What is needed ::
From the first line to the last, write out the records below exactly as they appear.

Stored data entries:

■ ■ ■ ■ ■ ■ ■

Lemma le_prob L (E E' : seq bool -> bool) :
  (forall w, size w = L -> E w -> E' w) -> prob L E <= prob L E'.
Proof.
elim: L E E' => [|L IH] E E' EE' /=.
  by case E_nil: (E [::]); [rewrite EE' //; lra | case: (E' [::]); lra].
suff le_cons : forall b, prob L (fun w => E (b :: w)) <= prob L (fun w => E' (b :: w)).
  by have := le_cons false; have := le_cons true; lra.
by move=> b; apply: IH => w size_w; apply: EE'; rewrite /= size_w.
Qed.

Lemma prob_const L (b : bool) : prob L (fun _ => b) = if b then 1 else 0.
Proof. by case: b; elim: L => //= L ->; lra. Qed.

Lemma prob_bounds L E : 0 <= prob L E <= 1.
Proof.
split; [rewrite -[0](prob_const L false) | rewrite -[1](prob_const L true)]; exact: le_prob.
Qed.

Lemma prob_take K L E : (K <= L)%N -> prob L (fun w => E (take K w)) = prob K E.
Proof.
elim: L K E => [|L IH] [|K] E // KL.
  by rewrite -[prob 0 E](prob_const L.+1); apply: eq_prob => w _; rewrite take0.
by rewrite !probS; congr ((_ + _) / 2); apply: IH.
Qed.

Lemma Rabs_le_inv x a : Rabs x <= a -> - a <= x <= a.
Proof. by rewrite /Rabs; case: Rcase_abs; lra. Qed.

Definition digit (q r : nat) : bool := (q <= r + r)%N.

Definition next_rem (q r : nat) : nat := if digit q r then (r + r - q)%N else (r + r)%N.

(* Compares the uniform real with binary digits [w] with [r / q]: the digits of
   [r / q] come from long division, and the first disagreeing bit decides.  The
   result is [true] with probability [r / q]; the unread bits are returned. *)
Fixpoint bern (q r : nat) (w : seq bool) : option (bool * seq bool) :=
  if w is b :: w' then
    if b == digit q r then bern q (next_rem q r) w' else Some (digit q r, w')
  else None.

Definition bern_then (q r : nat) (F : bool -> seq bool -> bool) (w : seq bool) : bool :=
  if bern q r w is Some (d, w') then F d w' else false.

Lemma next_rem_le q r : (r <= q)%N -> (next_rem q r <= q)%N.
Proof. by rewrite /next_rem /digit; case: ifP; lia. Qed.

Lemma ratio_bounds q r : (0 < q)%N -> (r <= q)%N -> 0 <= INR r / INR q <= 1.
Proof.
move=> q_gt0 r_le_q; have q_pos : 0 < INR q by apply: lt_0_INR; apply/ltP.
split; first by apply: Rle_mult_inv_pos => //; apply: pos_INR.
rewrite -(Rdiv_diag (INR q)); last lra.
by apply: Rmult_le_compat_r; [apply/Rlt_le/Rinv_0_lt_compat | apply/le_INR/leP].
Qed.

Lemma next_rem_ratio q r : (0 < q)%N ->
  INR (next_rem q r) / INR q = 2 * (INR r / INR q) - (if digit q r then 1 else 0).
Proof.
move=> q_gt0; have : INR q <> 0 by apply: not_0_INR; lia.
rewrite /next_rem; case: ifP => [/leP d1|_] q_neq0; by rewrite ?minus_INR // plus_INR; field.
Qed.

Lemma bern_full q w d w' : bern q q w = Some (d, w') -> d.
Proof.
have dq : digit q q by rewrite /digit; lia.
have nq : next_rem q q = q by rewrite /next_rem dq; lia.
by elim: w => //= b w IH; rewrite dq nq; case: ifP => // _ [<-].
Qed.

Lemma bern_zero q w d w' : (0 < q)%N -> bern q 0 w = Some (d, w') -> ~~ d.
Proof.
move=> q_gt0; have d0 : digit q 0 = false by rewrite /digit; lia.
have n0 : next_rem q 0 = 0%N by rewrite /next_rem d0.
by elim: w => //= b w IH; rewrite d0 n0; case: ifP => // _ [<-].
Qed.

■ ■ ■ ■ ■ ■ ■

Solution to this problem ::
Lemma le_prob L (E E' : seq bool -> bool) :
  (forall w, size w = L -> E w -> E' w) -> prob L E <= prob L E'.
Proof.
elim: L E E' => [|L IH] E E' EE' /=.
  by case E_nil: (E [::]); [rewrite EE' //; lra | case: (E' [::]); lra].
suff le_cons : forall b, prob L (fun w => E (b :: w)) <= prob L (fun w => E' (b :: w)).
  by have := le_cons false; have := le_cons true; lra.
by move=> b; apply: IH => w size_w; apply: EE'; rewrite /= size_w.
Qed.

Lemma prob_const L (b : bool) : prob L (fun _ => b) = if b then 1 else 0.
Proof. by case: b; elim: L => //= L ->; lra. Qed.

Lemma prob_bounds L E : 0 <= prob L E <= 1.
Proof.
split; [rewrite -[0](prob_const L false) | rewrite -[1](prob_const L true)]; exact: le_prob.
Qed.

Lemma prob_take K L E : (K <= L)%N -> prob L (fun w => E (take K w)) = prob K E.
Proof.
elim: L K E => [|L IH] [|K] E // KL.
  by rewrite -[prob 0 E](prob_const L.+1); apply: eq_prob => w _; rewrite take0.
by rewrite !probS; congr ((_ + _) / 2); apply: IH.
Qed.

Lemma Rabs_le_inv x a : Rabs x <= a -> - a <= x <= a.
Proof. by rewrite /Rabs; case: Rcase_abs; lra. Qed.

Definition digit (q r : nat) : bool := (q <= r + r)%N.

Definition next_rem (q r : nat) : nat := if digit q r then (r + r - q)%N else (r + r)%N.

(* Compares the uniform real with binary digits [w] with [r / q]: the digits of
   [r / q] come from long division, and the first disagreeing bit decides.  The
   result is [true] with probability [r / q]; the unread bits are returned. *)
Fixpoint bern (q r : nat) (w : seq bool) : option (bool * seq bool) :=
  if w is b :: w' then
    if b == digit q r then bern q (next_rem q r) w' else Some (digit q r, w')
  else None.

Definition bern_then (q r : nat) (F : bool -> seq bool -> bool) (w : seq bool) : bool :=
  if bern q r w is Some (d, w') then F d w' else false.

Lemma next_rem_le q r : (r <= q)%N -> (next_rem q r <= q)%N.
Proof. by rewrite /next_rem /digit; case: ifP; lia. Qed.

Lemma ratio_bounds q r : (0 < q)%N -> (r <= q)%N -> 0 <= INR r / INR q <= 1.
Proof.
move=> q_gt0 r_le_q; have q_pos : 0 < INR q by apply: lt_0_INR; apply/ltP.
split; first by apply: Rle_mult_inv_pos => //; apply: pos_INR.
rewrite -(Rdiv_diag (INR q)); last lra.
by apply: Rmult_le_compat_r; [apply/Rlt_le/Rinv_0_lt_compat | apply/le_INR/leP].
Qed.

Lemma next_rem_ratio q r : (0 < q)%N ->
  INR (next_rem q r) / INR q = 2 * (INR r / INR q) - (if digit q r then 1 else 0).
Proof.
move=> q_gt0; have : INR q <> 0 by apply: not_0_INR; lia.
rewrite /next_rem; case: ifP => [/leP d1|_] q_neq0; by rewrite ?minus_INR // plus_INR; field.
Qed.

Lemma bern_full q w d w' : bern q q w = Some (d, w') -> d.
Proof.
have dq : digit q q by rewrite /digit; lia.
have nq : next_rem q q = q by rewrite /next_rem dq; lia.
by elim: w => //= b w IH; rewrite dq nq; case: ifP => // _ [<-].
Qed.

Lemma bern_zero q w d w' : (0 < q)%N -> bern q 0 w = Some (d, w') -> ~~ d.
Proof.
move=> q_gt0; have d0 : digit q 0 = false by rewrite /digit; lia.
have n0 : next_rem q 0 = 0%N by rewrite /next_rem d0.
by elim: w => //= b w IH; rewrite d0 n0; case: ifP => // _ [<-].
Qed.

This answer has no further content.